For queries to these data sets we saw wall time drop by about 20% and CPU time drop by over 80%. That’s a lot to be happy with.
Parquet has a lot of upsides, but are we going to migrate our entire system over to it? No, definitely not, but not because it’s bad. One of the general benefits that we get from using object storage with Presto as an SQL layer is that the storage is laid bare to engineers. If Presto just isn’t working out for some reason or another on a given task, I don’t need to use it because I understand the storage that backs it and can use that instead.
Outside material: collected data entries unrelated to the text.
(* Let $A,C$ be groups, $i_P,i_N:C\to A$ injective homomorphisms, $H=\langle A,t\mid i_N(c)=t\,i_P(c)\,t^{-1}\ \forall c\in C\rangle$, and $p:H\to\mathbb Z$ the epimorphism with $p(t)=1$, $p(A)=0$. For $k\ge0$ let $A_k\le H$ be the subgroup generated by all $t^{-i}at^{i}$ with $a\in A$, $0\le i\le k$, and let $A_{-1}=i_N(C)$. Let $w\in H$ with $p(w)=1$. Then either $w$ is conjugate to $at$ for some $a\in A$, or there is some $k\in\mathbb Z_{>0}$ and $m\ge1$ such that a conjugate of $w$ can be written as $a_1t^{-1}b_1t\cdots a_mt^{-1}b_mt\,x\,t$ with $a_i\in A_{k-1}\setminus t^{-1}A_{k-2}t$, $b_i\in A_{k-1}\setminus A_{k-2}$, and $x\in A_{k-1}$. *)

From Stdlib Require Import ZArith List Lia.
Import ListNotations.
Set Implicit Arguments.

Record Group := {
  gcar :> Type;
  gmul : gcar -> gcar -> gcar;
  gone : gcar;
  ginv : gcar -> gcar;
  gassoc : forall x y z, gmul x (gmul y z) = gmul (gmul x y) z;
  gone_l : forall x, gmul gone x = x;
  gone_r : forall x, gmul x gone = x;
  ginv_l : forall x, gmul (ginv x) x = gone;
  ginv_r : forall x, gmul x (ginv x) = gone
}.

Arguments gmul {g}.
Arguments gone {g}.
Arguments ginv {g}.

Definition is_hom (G K : Group) (f : G -> K) : Prop :=
  forall x y : G, f (gmul x y) = gmul (f x) (f y).
Arguments is_hom {G K}.

Fixpoint gpow_nat (G : Group) (x : G) (n : nat) : G :=
  match n with O => gone | S n' => gmul x (gpow_nat G x n') end.
Arguments gpow_nat {G}.
Definition gpow (G : Group) (x : G) (z : Z) : G :=
  match z with
  | Z0 => gone
  | Zpos p => gpow_nat x (Pos.to_nat p)
  | Zneg p => ginv (gpow_nat x (Pos.to_nat p))
  end.
Arguments gpow {G}.

Definition Zgroup : Group.
Proof.
  refine (@Build_Group Z Z.add 0%Z Z.opp _ _ _ _ _);
  intros; lia.
Defined.

Inductive gen (G : Group) (S : G -> Prop) : G -> Prop :=
| gen_base : forall x, S x -> gen G S x
| gen_one : gen G S gone
| gen_mul : forall x y, gen G S x -> gen G S y -> gen G S (gmul x y)
| gen_inv : forall x, gen G S x -> gen G S (ginv x).
Arguments gen {G}.

(* H (with jA : A -> H and stable letter t) is the HNN extension
   <A, t | iN(c) = t iP(c) t^-1 (c in C)>, expressed by its universal property. *)
Definition is_HNN (A C H : Group) (iP iN : C -> A) (jA : A -> H) (t : H) : Prop :=
  is_hom jA /\
  (forall c, jA (iN c) = gmul t (gmul (jA (iP c)) (ginv t))) /\
  (forall (G : Group) (f : A -> G) (g : G),
      is_hom f ->
      (forall c, f (iN c) = gmul g (gmul (f (iP c)) (ginv g))) ->
      exists phi : H -> G,
        is_hom phi /\ (forall a, phi (jA a) = f a) /\ phi t = g /\
        forall psi : H -> G,
          is_hom psi -> (forall a, psi (jA a) = f a) -> psi t = g ->
          forall h, psi h = phi h).

(* A_k for k >= 0: generated by t^-i a t^i, a in A, 0 <= i <= k;
   A_k for k < 0: iN(C) (only k = -1 is used). *)
Definition Asub (A C H : Group) (iN : C -> A) (jA : A -> H) (t : H) (k : Z) : H -> Prop :=
  if (0 <=? k)%Z then
    gen (fun h => exists (a : A) (i : nat),
            (Z.of_nat i <= k)%Z /\
            h = gmul (gpow t (- Z.of_nat i)) (gmul (jA a) (gpow t (Z.of_nat i))))
  else fun h => exists c : C, h = jA (iN c).

Definition conj_by (H : Group) (g x : H) : H := gmul g (gmul x (ginv g)).

Definition alt_word (H : Group) (t : H) (l : list (H * H)) : H :=
  fold_right (fun ab acc => gmul (gmul (fst ab) (gmul (ginv t) (gmul (snd ab) t))) acc)
             gone l.
Arguments is_HNN {A C H}.
Arguments Asub {A C H}.
Arguments conj_by {H}.
Arguments alt_word {H}.

(* Since H is generated by jA(A) and t, every element has the form t^j c t^-j' with c in
   some A_m, and p(w) = 1 forces j = j' + 1, so w is conjugate to c t.  An element of
   A_(m+1) is an alternating product a_1 t^-1 b_1 t ... a_n t^-1 b_n t x with all letters
   in A_m.  If some a_i lies in t^-1 A_(m-1) t, or some b_i in A_(m-1), the neighbouring
   t-letters cancel into an adjacent letter (for a_1 after a cyclic conjugation) and the
   word gets shorter.  Either no such letter remains, which is the second alternative with
   k = m + 1, or the word empties and w is conjugate to x t with x in A_m; descending in m
   ends at A_0 = jA(A), the first alternative. *)

From Stdlib Require Import ZArith List Lia Classical ProofIrrelevance.
Import ListNotations.

Section GroupFacts.
Context {G : Group}.
Implicit Types x y : G.

Lemma gmulKV x y : gmul x (gmul (ginv x) y) = y.
Proof. now rewrite gassoc, ginv_r, gone_l. Qed.

Lemma gmulVK x y : gmul (ginv x) (gmul x y) = y.
Proof. now rewrite gassoc, ginv_l, gone_l. Qed.

Lemma ginv_unique x y : gmul x y = gone -> ginv x = y.
Proof. intro E. now rewrite <- (gone_r _ (ginv x)), <- E, gmulVK. Qed.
In the same fashion there is a beauty to using JSON record files. When everything is going south and I don’t understand what is going on, I know I can at least understand those files. As long as an engineer knows how to use
head they know how to start pulling at the threads that will lead to a solution. I can’t say the same for Parquet.
Instead our approach with Parquet is to use it as a sort of booster. It isn’t our primary copy of any data, but we might use it as a performant replica. If we have a large and wide data set that we’re expecting will get heavy use, we would definitely want to maintain a copy in Parquet. With Parquet, when you’re on the happy path you’re really cruising.
 It’s not angry, it’s just disappointed.
 I have a strong moral conviction that when snippets are provided in a blog post they should work. I’ve been burned far too many times by examples of what not to do for failing to read the lines above them.